Do as I Do, Not as I Say
A new idea in machine learning teaches robots how to interact with everyday objects just by watching humans.
You may have heard it said that imitation is the sincerest form of flattery. Now it turns out that imitation may also be one of the best ways to program a robot. Although there has been a great deal of advancement in designing robots that are capable of manipulating real world objects in recent times, most applications have been limited to computer simulations, and smaller, table-top experiments in lab environments. These experiments are fine and all, but they are not exactly producing the Jetsons-esque robots that can help with any manner of household chores that we have long been waiting for. Why exactly is this the case? Why have these experiments not panned out in real world scenarios?
Researchers at Carnegie Mellon University have been pondering this state of affairs, and believe that teaching robots to learn in-the-wild has been hindered by the use of reinforcement learning and imitation learning techniques.

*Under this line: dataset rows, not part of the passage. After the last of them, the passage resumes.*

(* For every $\epsilon>0$ there is $\epsilon'>0$ depending only on $\epsilon$ such that for every $f:\{0,1\}^n\to\{-1,1\}$ with $\|f\|_{U_3}\ge\epsilon$, $$\mathbb E_{x,y}\sum_{\alpha,\beta}\hat{f_x}^2(\alpha)\,\hat{f_y}^2(\beta)\,\widehat{f_{x+y}}^2(\alpha+\beta)\ge\epsilon'.$$
   Context: $\{0,1\}^n$ is identified with $\mathbb F_2^n$; $x,y$ independent uniform. $\hat h(\alpha)=\mathbb E_z h(z)(-1)^{\langle\alpha,z\rangle}$; $f_y(x)=f(x)f(x+y)$. $\|f\|_{U_3}=\big[\mathbb E_{x,y_1,y_2,y_3}\prod_{S\subseteq[3]} f(x+\sum_{i\in S}y_i)\big]^{1/8}$. *)

From HB Require Import structures.
From mathcomp Require Import all_boot all_order all_algebra.
From mathcomp Require Import reals exp.
Set Implicit Arguments. Unset Strict Implicit. Unset Printing Implicit Defensive.
Import Order.TTheory GRing.Theory Num.Theory.
Local Open Scope ring_scope.

(* {0,1}^n identified with F_2^n, represented as row vectors over 'F_2. *)
Notation cube n := 'rV['F_2]_n.

Section Defs.
Variable R : realType.

Definition Ex n (h : cube n -> R) : R :=
  (#|{: cube n}|%:R)^-1 * \sum_(z : cube n) h z.

Definition ip n (a z : cube n) : 'F_2 := \sum_(i < n) a ord0 i * z ord0 i.

Definition chi n (a z : cube n) : R := if ip a z == 0 then 1 else -1.

Definition fourier n (h : cube n -> R) (a : cube n) : R :=
  Ex (fun z => h z * chi a z).

Definition fder n (f : cube n -> R) (y : cube n) : cube n -> R :=
  fun x => f x * f (x + y).

Definition U3norm n (f : cube n -> R) : R :=
  powR (Ex (fun x => Ex (fun y1 => Ex (fun y2 => Ex (fun y3 =>
    \prod_(S : {set 'I_3})
      f (x + \sum_(i in S) nth 0 [:: y1; y2; y3] i))))))
  (8%:R^-1).

End Defs.

From HB Require Import structures.
From mathcomp Require Import all_boot all_order all_algebra.
From mathcomp Require Import reals exp ring.
Import Order.TTheory GRing.Theory Num.Theory.
Local Open Scope ring_scope.
Set Implicit Arguments. Unset Strict Implicit.

(* For Boolean f every derivative f_h is Boolean, so its Fourier weights
   hat(f_h)(a)^2 sum to 1.  Since hat(g)^2 is the Fourier transform of the
   autocorrelation of g, and the autocorrelations of the derivatives satisfy
   (f_x * f_x)(h) = (f_h * f_h)(x), both sides of the theorem become averages
   over h of Fourier moments of f_h: ||f||_{U_3}^8 = E_h sum_a hat(f_h)(a)^4,
   and the left-hand side equals E_h sum_a hat(f_h)(a)^6.  Cauchy-Schwarz
   against the unit Fourier weight gives (sum hat^4)^2 <= sum hat^6, and Jensen in h
   then yields the bound with eps' = eps^16. *)

Section CauchySchwarz.
Variables (R : realFieldType) (I : finType).
Implicit Types u v : I -> R.

Lemma sqr_sum_mul_le u v :
  (\sum_i u i * v i) ^+ 2 <= (\sum_i u i ^+ 2) * (\sum_i v i ^+ 2).
Proof.
pose D i j := u i ^+ 2 * v j ^+ 2 - (u i * v i) * (u j * v j).
have sumD : \sum_i \sum_j D i j
    = (\sum_i u i ^+ 2) * (\sum_i v i ^+ 2) - (\sum_i u i * v i) ^+ 2.
  rewrite expr2 !big_distrlr /= -sumrB; apply: eq_bigr => i _.
  by rewrite -sumrB.
have sumD_sym : \sum_i \sum_j (D i j + D j i) = 2 * \sum_i \sum_j D i j.
  under eq_bigr do rewrite big_split /=.
  by rewrite big_split /= [X in _ + X]exchange_big mulr2n mulrDl mul1r.
have : 0 <= \sum_i \sum_j (D i j + D j i).
  apply: sumr_ge0 => i _; apply: sumr_ge0 => j _.
  have -> : D i j + D j i = (u i * v j - u j * v i) ^+ 2 by rewrite /D; ring.
  exact: sqr_ge0.
by rewrite sumD_sym sumD pmulr_rge0 // subr_ge0.
Qed.

Lemma sqr_sum_exp4_le u : \sum_i u i ^+ 2 = 1 ->
  (\sum_i u i ^+ 4) ^+ 2 <= \sum_i u i ^+ 6.
Proof.
move=> u_unit; have := sqr_sum_mul_le u (fun i => u i ^+ 3).
rewrite u_unit mul1r.
under eq_bigr do rewrite -exprS.
by under [X in _ <= X -> _]eq_bigr do rewrite -exprM.
Qed.

Lemma sqr_mean_le v :
  ((#|I|%:R)^-1 * \sum_i v i) ^+ 2 <= (#|I|%:R)^-1 * \sum_i v i ^+ 2.
Proof.
have [I_eq0|] := posnP #|I|.
  by rewrite I_eq0 invr0 !mul0r expr0n.
rewrite -(ltr0n R) => I_gt0.
have := sqr_sum_mul_le (fun _ => 1) v.
under eq_bigr do rewrite mul1r.
rewrite (eq_bigr (fun _ => 1) (fun _ _ => expr1n _ _)) sumr_const => CS.
have -> : (#|I|%:R)^-1 * \sum_i v i ^+ 2
    = (#|I|%:R)^-1 ^+ 2 * (#|I|%:R * \sum_i v i ^+ 2) :> R.
  by rewrite expr2 -mulrA (mulrA _ #|I|%:R) mulVf ?gt_eqF // mul1r.
by rewrite exprMn ler_wpM2l // exprn_ge0 // invr_ge0 ltW.
Qed.
End CauchySchwarz.

Definition setI3 (b0 b1 b2 : bool) : {set 'I_3} :=
  [set i : 'I_3 | nth false [:: b0; b1; b2] i].

Lemma big_setI3 (T : Type) (idx : T) (op : Monoid.com_law idx) (F : {set 'I_3} -> T) :
  \big[op/idx]_(S : {set 'I_3}) F S
  = \big[op/idx]_(b0 : bool) \big[op/idx]_(b1 : bool) \big[op/idx]_(b2 : bool)
      F (setI3 b0 b1 b2).
Proof.
rewrite pair_big pair_big /=.
rewrite (reindex (fun b : bool * bool * bool => setI3 b.1.1 b.1.2 b.2)) //=.
exists (fun S : {set 'I_3} => ((@Ordinal 3 0 isT \in S, @Ordinal 3 1 isT \in S),
                  @Ordinal 3 2 isT \in S)).
  by move=> [[b0 b1] b2] _; rewrite /setI3 !inE.
move=> S _; apply/setP => i; rewrite /setI3 inE.
by case: i => [[|[|[|k]]] Hk] //=; congr (_ \in S); apply: val_inj.
Qed.

Lemma sum_setI3 (V : nmodType) b0 b1 b2 (y0 y1 y2 : V) :
  \sum_(i in setI3 b0 b1 b2) nth 0 [:: y0; y1; y2] i
  = (if b0 then y0 else 0) + (if b1 then y1 else 0) + (if b2 then y2 else 0).
Proof.
rewrite big_mkcond /= !big_ord_recl big_ord0 /setI3 !inE /=.
by case: b0; case: b1; case: b2; rewrite /= ?addr0 ?add0r ?addrA.
Qed.

Lemma F2_cases (x : 'F_2) : x = 0 \/ x = 1.
Proof. by case: x => [[|[|k]] Hk]; [left|right|]; try apply/val_inj. Qed.

Section BooleanCube.
Variable n : nat.
Implicit Types a b x y z w : cube n.

Lemma cube_addxx x : x + x = 0.
Proof. by apply/matrixP => i j; rewrite !mxE addrr_pchar2 // pchar_Fp. Qed.

Lemma cube_oppr x : - x = x.
Proof. by apply/eqP; rewrite eq_sym -addr_eq0 cube_addxx. Qed.

Lemma ipDr a z w : ip a (z + w) = ip a z + ip a w.
Proof. by rewrite /ip -big_split; apply: eq_bigr => i _; rewrite mxE mulrDr. Qed.

Lemma ipC a z : ip a z = ip z a.
Proof. by apply: eq_bigr => i _; rewrite mulrC. Qed.

Variable R : realType.

Lemma chiDr a z w : chi R a (z + w) = chi R a z * chi R a w.
Proof.
rewrite /chi ipDr.
by case: (F2_cases (ip a z)) => ->; case: (F2_cases (ip a w)) => ->;
  rewrite ?mulr1 ?mul1r ?mulrNN ?mulr1 //.
Qed.

Lemma chiC a z : chi R a z = chi R z a.
Proof. by rewrite /chi ipC. Qed.

Lemma chiDl a b z : chi R (a + b) z = chi R a z * chi R b z.
Proof. by rewrite chiC chiDr !(chiC z). Qed.

Lemma chi_mul_self a z : chi R a z * chi R a z = 1.
Proof. by rewrite /chi; case: ifP; rewrite ?mulrNN mulr1. Qed.

Local Notation N := (#|{: cube n}|%:R : R).

Lemma N_neq0 : N != 0.
Proof. by rewrite pnatr_eq0 -lt0n; apply/card_gt0P; exists 0. Qed.

(* For [z != 0], translation by a unit vector [e] with [chi e z = -1] negates the sum. *)
Lemma sum_chi z : \sum_a chi R a z = if z == 0 then N else 0.
Proof.
case: eqP => [->|/eqP z_neq0].
  rewrite -sumr_const; apply: eq_bigr => a _.
  by rewrite /chi /ip big1 // => i _; rewrite mxE mulr0.
have [i zi_neq0] : exists i, z ord0 i != 0.
  apply/existsP; apply: contraNT z_neq0 => /existsPn z0.
  by apply/eqP/matrixP => r j; rewrite !ord1 mxE; apply/eqP/negbNE/z0.
have zi1 : z ord0 i = 1 by case: (F2_cases (z ord0 i)) zi_neq0 => ->.
pose e : cube n := delta_mx ord0 i.
have chi_e : chi R e z = -1.
  rewrite /chi /ip (bigD1 i) //= big1 => [|j ji].
    by rewrite !mxE !eqxx zi1 mulr1 addr0.
  by rewrite !mxE eqxx /= (negbTE ji) mul0r.
have sum_opp : \sum_a chi R a z = - \sum_a chi R a z.
  rewrite {1}(reindex_inj (addIr e)) /= -mulN1r big_distrr /=.
  by apply: eq_bigr => a _; rewrite chiDl chi_e mulrC.
by move/eqP: sum_opp; rewrite -subr_eq0 opprK -mulr2n mulrn_eq0 => /eqP.
Qed.
End BooleanCube.

Section Expectation.
Variables (R : realType) (n : nat).
Implicit Types (h : cube n -> R) (w : cube n).

Lemma eq_Ex h1 h2 : h1 =1 h2 -> Ex h1 = Ex h2.
Proof. by move=> eq_h; rewrite /Ex (eq_bigr _ (fun z _ => eq_h z)). Qed.

Lemma Ex_mulr h c : Ex h * c = Ex (fun z => h z * c).
Proof. by rewrite /Ex -mulrA big_distrl. Qed.

Lemma Ex_mull c h : c * Ex h = Ex (fun z => c * h z).
Proof. by rewrite mulrC Ex_mulr; apply: eq_Ex => z; rewrite mulrC. Qed.

Lemma sum_Ex (I : finType) (F : I -> cube n -> R) :
  \sum_i Ex (F i) = Ex (fun z => \sum_i F i z).
Proof. by rewrite /Ex -big_distrr exchange_big. Qed.

Lemma Ex_swap (G : cube n -> cube n -> R) :
  Ex (fun x => Ex (G x)) = Ex (fun y => Ex (fun x => G x y)).
Proof. by rewrite {1}/Ex sum_Ex Ex_mull. Qed.

Lemma Ex_translate h w : Ex (fun z => h (z + w)) = Ex h.
Proof. by rewrite /Ex [in RHS](reindex_inj (addIr w)). Qed.

Lemma Ex_const (c : R) : Ex (fun _ : cube n => c) = c.
Proof. by rewrite /Ex sumr_const -[c *+ _]mulr_natr mulrCA mulVf ?mulr1 // N_neq0. Qed.

Lemma ler_Ex h1 h2 : (forall z, h1 z <= h2 z) -> Ex h1 <= Ex h2.
Proof. by move=> le_h; rewrite ler_wpM2l ?invr_ge0 // ler_sum. Qed.

Lemma Ex_ge0 h : (forall z, 0 <= h z) -> 0 <= Ex h.
Proof. by move=> h_ge0; rewrite -(Ex_const 0) ler_Ex. Qed.

Lemma sqr_Ex_le h : Ex h ^+ 2 <= Ex (fun z => h z ^+ 2).
Proof. exact: sqr_mean_le. Qed.
End Expectation.

Section Fourier.
Variables (R : realType) (n : nat).
Implicit Types (P Q S g : cube n -> R) (a b l w : cube n).

Lemma fourier_inversion P l : \sum_a fourier P a * chi R a l = P l.
Proof.
under eq_bigr do rewrite /fourier Ex_mulr.
rewrite sum_Ex.
transitivity (Ex (fun z => P z * \sum_a chi R a (z + l))).
  apply: eq_Ex => z; rewrite big_distrr /=; apply: eq_bigr => a _.
  by rewrite chiDr mulrA.
under eq_Ex do rewrite sum_chi addr_eq0 cube_oppr.
rewrite /Ex (bigD1 l) //= eqxx big1 ?addr0 => [|z /negbTE ->]; last by rewrite mulr0.
by rewrite mulrCA mulVf ?mulr1 // N_neq0.
Qed.

Lemma parseval P Q : \sum_a fourier P a * fourier Q a = Ex (fun x => P x * Q x).
Proof.
under eq_bigr do rewrite /fourier Ex_mulr.
rewrite sum_Ex; apply: eq_Ex => x.
transitivity (P x * \sum_a fourier Q a * chi R a x); last by rewrite fourier_inversion.
by rewrite big_distrr; apply: eq_bigr => a _; rewrite mulrAC -mulrA.
Qed.

Lemma fourier_translate P w a :
  fourier (fun z => P (z + w)) a = fourier P a * chi R a w.
Proof.
rewrite /fourier Ex_mulr -[RHS](Ex_translate _ w); apply: eq_Ex => z.
by rewrite chiDr -!mulrA chi_mul_self mulr1.
Qed.

Definition autocorr g (h : cube n) : R := Ex (fun z => g z * g (z + h)).

Lemma fourier_sqr g a : fourier g a ^+ 2 = fourier (autocorr g) a.
Proof.
rewrite expr2 {1}/fourier Ex_mulr [RHS]/fourier.
under [RHS]eq_Ex do rewrite /autocorr Ex_mulr.
rewrite Ex_swap; apply: eq_Ex => z.
rewrite -mulrA (mulrC (chi R a z)) -fourier_translate Ex_mull.
by apply: eq_Ex => h; rewrite mulrA (addrC h z).
Qed.

Lemma autocorr_sqr g x : autocorr g x ^+ 2
  = Ex (fun z => Ex (fun y => g z * g (z + x) * (g (z + y) * g (z + y + x)))).
Proof.
rewrite expr2 {1}/autocorr Ex_mulr; apply: eq_Ex => z.
rewrite /autocorr Ex_mull -(Ex_translate _ z); apply: eq_Ex => y.
by rewrite (addrC y z).
Qed.

Lemma sum_fourier_conv P Q S :
  \sum_a \sum_b fourier P a * fourier Q b * fourier S (a + b)
  = Ex (fun l => P l * Q l * S l).
Proof.
transitivity (Ex (fun l => S l * ((\sum_a fourier P a * chi R a l)
                                  * (\sum_b fourier Q b * chi R b l)))).
  under eq_bigr do under eq_bigr do rewrite [fourier S _]/fourier Ex_mull.
  under eq_bigr do rewrite sum_Ex.
  rewrite sum_Ex; apply: eq_Ex => l.
  rewrite big_distrlr big_distrr /=; apply: eq_bigr => a _.
  rewrite big_distrr /=; apply: eq_bigr => b _.
  by rewrite chiDl; ring.
by apply: eq_Ex => l; rewrite !fourier_inversion mulrC.
Qed.

Lemma sum_fourier_exp4 g :
  \sum_a fourier g a ^+ 4 = Ex (fun x => autocorr g x ^+ 2).
Proof.
under eq_bigr do rewrite -[4%N]/(2 * 2)%N exprM fourier_sqr expr2.
by rewrite parseval; apply: eq_Ex => x; rewrite expr2.
Qed.

Lemma sum_fourier_exp6 g : \sum_a fourier g a ^+ 6
  = Ex (fun x => autocorr g x * Ex (fun y => autocorr g y * autocorr g (y + x))).
Proof.
under eq_bigr do rewrite -[6%N]/(2 * 3)%N exprM fourier_sqr exprS fourier_sqr.
exact: parseval.
Qed.

Lemma sum_fourier_sqr_sign g : (forall z, g z ^+ 2 = 1) ->
  \sum_a fourier g a ^+ 2 = 1.
Proof.
move=> g_sign; under eq_bigr do rewrite expr2.
by rewrite parseval; under eq_Ex do rewrite -expr2 g_sign; exact: Ex_const.
Qed.
End Fourier.

Section Derivatives.
Variables (R : realType) (n : nat) (f : cube n -> R).
Implicit Types (a h x y l : cube n).

Lemma autocorr_fderC x l : autocorr (fder f x) l = autocorr (fder f l) x.
Proof.
apply: eq_Ex => z; rewrite /fder.
have -> : z + x + l = z + l + x by rewrite -!addrA (addrC x).
by ring.
Qed.

Lemma U3normE :
  U3norm f = powR (Ex (fun h => \sum_a fourier (fder f h) a ^+ 4)) 8%:R^-1.
Proof.
rewrite /U3norm; congr powR.
under [RHS]eq_Ex do rewrite sum_fourier_exp4 (eq_Ex (autocorr_sqr _)).
under [RHS]eq_Ex do rewrite Ex_swap.
rewrite [RHS]Ex_swap; apply: eq_Ex => x; apply: eq_Ex => y1.
apply: eq_Ex => y2; apply: eq_Ex => y3.
rewrite big_setI3 !big_bool /= !sum_setI3 /= ?addr0 ?add0r !addrA /fder.
(* The autocorrelation variables (z, h, x, y) are (x, y1, y2, y3) here. *)
have -> : x + y3 + y2 + y1 = x + y1 + y2 + y3.
  by rewrite -!addrA [y3 + _]addrC (addrC y2) -addrA.
have -> : x + y2 + y1 = x + y1 + y2 by rewrite -!addrA (addrC y2).
have -> : x + y3 + y1 = x + y1 + y3 by rewrite -!addrA (addrC y3).
have -> : x + y3 + y2 = x + y2 + y3 by rewrite -!addrA (addrC y3).
by ring.
Qed.

Lemma Ex_fourier_fder_conv :
  Ex (fun x => Ex (fun y =>
    \sum_a \sum_b fourier (fder f x) a ^+ 2 * fourier (fder f y) b ^+ 2
                   * fourier (fder f (x + y)) (a + b) ^+ 2))
  = Ex (fun l => \sum_a fourier (fder f l) a ^+ 6).
Proof.
under eq_Ex => x do under eq_Ex => y do
  (under eq_bigr do under eq_bigr do rewrite !fourier_sqr;
   rewrite sum_fourier_conv).
under eq_Ex => x do under eq_Ex => y do under eq_Ex => l do
  rewrite (autocorr_fderC x l) (autocorr_fderC y l) (autocorr_fderC (x + y) l).
under eq_Ex do rewrite Ex_swap.
rewrite Ex_swap; apply: eq_Ex => l; rewrite sum_fourier_exp6.
apply: eq_Ex => x; rewrite Ex_mull; apply: eq_Ex => y.
by rewrite (addrC y) mulrA.
Qed.

Lemma fder_sign h : (forall x, f x = 1 \/ f x = -1) ->
  forall z, fder f h z ^+ 2 = 1.
Proof.
move=> f_sign z; have f_sqr y : f y * f y = 1.
  by case: (f_sign y) => ->; rewrite ?mulrNN mulr1.
by rewrite /fder expr2 mulrACA !f_sqr mulr1.
Qed.
End Derivatives.

Theorem corollary6p6 (R : realType) (eps : R) (heps : 0 < eps) :
  exists eps' : R, 0 < eps' /\
    forall (n : nat) (f : cube n -> R),
      (forall x, f x = 1 \/ f x = -1) ->
      eps <= U3norm f ->
      eps' <= Ex (fun x => Ex (fun y =>
        \sum_(a : cube n) \sum_(b : cube n)
          (fourier (fder f x) a) ^+ 2 * (fourier (fder f y) b) ^+ 2
          * (fourier (fder f (x + y)) (a + b)) ^+ 2)).
Proof.
exists (eps ^+ 16); split; first exact: exprn_gt0.
move=> n f f_sign; rewrite U3normE Ex_fourier_fder_conv.
set Y := fun h => \sum_a fourier (fder f h) a ^+ 4.
have Y_ge0 h : 0 <= Y h by apply: sumr_ge0 => a _; exact: exprn_even_ge0.
have EY_ge0 : 0 <= Ex Y by exact: Ex_ge0.
move=> eps_le; have eps8_le : eps ^+ 8 <= Ex Y.
  rewrite -[Ex Y](powRr1 EY_ge0) -(mulVf (_ : 8%:R != 0 :> R)) ?pnatr_eq0 //.
  by rewrite powRrM powR_mulrn ?powR_ge0 // lerXn2r // nnegrE ?powR_ge0 // ltW.
have moment_le h : Y h ^+ 2 <= \sum_a fourier (fder f h) a ^+ 6.
  exact/sqr_sum_exp4_le/sum_fourier_sqr_sign/fder_sign.
apply: le_trans (le_trans (sqr_Ex_le Y) (ler_Ex moment_le)).
by rewrite -[16%N]/(8 * 2)%N exprM lerXn2r // nnegrE exprn_ge0 // ltW.
Qed.
Theorem lemma4p5 (F : finFieldType) (r t : nat)
    (eps : nat -> {set PSL2_type F} -> int) :
  odd #|F| -> prime r -> prime t -> r != t ->
  (2 * (r * t) %| #|F| - 1) || (2 * (r * t) %| #|F| + 1) ->
  VPA (PSL2 F) (r * t) eps ->
  (t%:Z %| acc_vpa (PSL2 F) eps 1 t)%Z /\ (r%:Z %| acc_vpa (PSL2 F) eps 1 r)%Z.
Proof.
move=> _ pr pt neq_rt _ vpaG; split; first exact: acc_vpa1_dvd vpaG.
by apply: (acc_vpa1_dvd pt pr); rewrite 1?eq_sym // mulnC.
Qed.
(* Let $\Delta\subset\mathbb{Z}^2\setminus\{(0,0)\}$ be a finite multiset which is balanced, non-degenerate and even, with associated polygon $P_\Delta$, sides $\sigma\in P^1_\Delta$, numbers $n^\sigma$ and $k^\sigma_i$ as in the context. Then the set of sequences $\boldsymbol z=(z^\sigma_i)_{\sigma\in P^1_\Delta,\,1\le i\le n^\sigma}$, $z^\sigma_i\in\operatorname{Tor}(\sigma)^\times$, satisfying the Menelaus $\Delta$-condition forms an algebraic hypersurface $\operatorname{Men}(\Delta)\subset\prod_{\sigma\in P^1_\Delta}\operatorname{Tor}(\sigma)^{n^\sigma}$.
   Context: A multiset $\Delta\subset\mathbb{Z}^2\setminus\{(0,0)\}$ is balanced if its elements sum to $0$, non-degenerate if its elements span $\mathbb{R}^2$, and even if $\Delta\subset(2\mathbb{Z})^2$. Rotating each $\boldsymbol a\in\Delta$ counterclockwise by $\pi/2$ and concatenating the resulting vectors gives the counterclockwise oriented boundary of a convex lattice polygon $P_\Delta$ (defined up to translation). $P^1_\Delta$ denotes the set of sides of $P_\Delta$; for $\sigma\in P^1_\Delta$, let $\boldsymbol a^\sigma_1,\dots,\boldsymbol a^\sigma_{n^\sigma}$ be the elements of $\Delta$ that are outer normals to $\sigma$, and let $2k^\sigma_i$ be the lattice length of $\boldsymbol a^\sigma_i$ (its Euclidean length divided by the length of a primitive parallel integral vector). $\operatorname{Tor}(P_\Delta)$ is the complex toric surface of $P_\Delta$, $\operatorname{Tor}(\sigma)$ the toric divisor corresponding to $\sigma$, $\operatorname{Tor}(\sigma)^\times\cong\mathbb{C}^\times$ its dense orbit, and $\mathcal{L}_{P_\Delta}$ the tautological line bundle (its global sections are spanned by the monomials $z^\omega$, $\omega\in P_\Delta\cap\mathbb{Z}^2$). A sequence $\boldsymbol z=(z^\sigma_i)$ with $z^\sigma_i\in\operatorname{Tor}(\sigma)^\times$ satisfies the Menelaus $\Delta$-condition if there is a curve $C\in|\mathcal{L}_{P_\Delta}|$ containing no toric divisor as a component such that, for each $\sigma\in P^1_\Delta$, the scheme-theoretic intersection of $C$ and $\operatorname{Tor}(\sigma)$ equals $\sum_{i=1}^{n^\sigma}2k^\sigma_i z^\sigma_i$. *)

From HB Require Import structures.
From mathcomp Require Import all_boot all_order all_algebra.
From mathcomp Require Import reals complex.
From mathcomp Require Import mpoly.
Set Implicit Arguments. Unset Strict Implicit. Unset Printing Implicit Defensive.
Import Order.TTheory GRing.Theory Num.Theory.
Local Open Scope ring_scope.

Definition vec := (int * int)%type.
Definition vadd (u v : vec) : vec := (u.1 + v.1, u.2 + v.2).
Definition vscale (j : int) (u : vec) : vec := (j * u.1, j * u.2).
Definition dot (u v : vec) : int := u.1 * v.1 + u.2 * v.2.
Definition cross (u v : vec) : int := u.1 * v.2 - u.2 * v.1.
Definition rot (a : vec) : vec := (- a.2, a.1).

Definition Delta_nonzero_vecs (D : seq vec) : bool := all (fun a => a != (0, 0)) D.
Definition Delta_balanced (D : seq vec) : Prop :=
  \sum_(a <- D) a.1 = 0 /\ \sum_(a <- D) a.2 = 0.
Definition Delta_nondegenerate (D : seq vec) : Prop :=
  exists2 a, a \in D & exists2 b, b \in D & cross a b != 0.
Definition Delta_even_vecs (D : seq vec) : Prop :=
  forall a, a \in D -> (2 %| a.1)%Z /\ (2 %| a.2)%Z.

While these methods have been fantastically successful when applied to appropriate problems, there are issues with using them to train robots in this way. Reinforcement learning tends to require a large amount of training data, and when applied to real world scenarios that lack the structured rewards they need to learn, they can fall flat. Imitation learning, on the other hand, requires a large amount of kinesthetic or teleoperated demonstrations for each task they are to learn — not exactly a plug and play solution.
The team proposed a potential solution to these difficulties in which robots visually observe humans in their daily activities. They believe that by simply watching how humans interact with the world, robots can learn how to imitate them. This method provides a rich data source without having to explicitly provide training data for a model. It also allows robots to learn novel, and highly optimized, ways to complete tasks in a variety of environments. After sufficient data has been passively collected, the robot uses that information to guide its own exploration and learning.
The method begins by analyzing video, frame-by-frame, of a human interacting with objects. A recurrent convolutional neural network is used to estimate the position of the person’s hands. This includes estimates of wrist rotation and grip force applied to objects, which are critical for a robot to reproduce the feat. Next, a second neural network is used to determine what object is being interacted with, and what specific points of contact the hand makes with that object. At this point, all of the captured interaction trajectories are translated into robot movement trajectories.
Through observation alone, the robot will have a pretty good, but rough idea of how to go about interacting with the object of interest. However, due to differences between human and robot arms and calibration errors, more information is needed for smooth, accurate interactions. This comes through exploration, and the researchers developed a policy to guide that exploration. This policy is designed above all to allow for only safe interactions, but also to allow for efficient interactions that are not overly restrictive.
To test out their methods, the team set up an experiment using the Stretch Robot with a 6 degree of freedom arm and gripper. Humans then interacted with a number of everyday objects, like drawers, dishwashers, fridges, and doors for the robot to observe. These results were compared with several baseline method results, and found to compare very favorably. The team’s technique had 92% and 83% success rates when manipulating doors and drawers, respectively. In contrast, the best baseline methods only achieved 30% and 53% success rates.
With some fresh thinking in robot learning, the team has developed some novel ideas that may allow robots to interact more naturally in real world scenarios. There is more work yet to be done, but this is something you will want to keep your eyes on.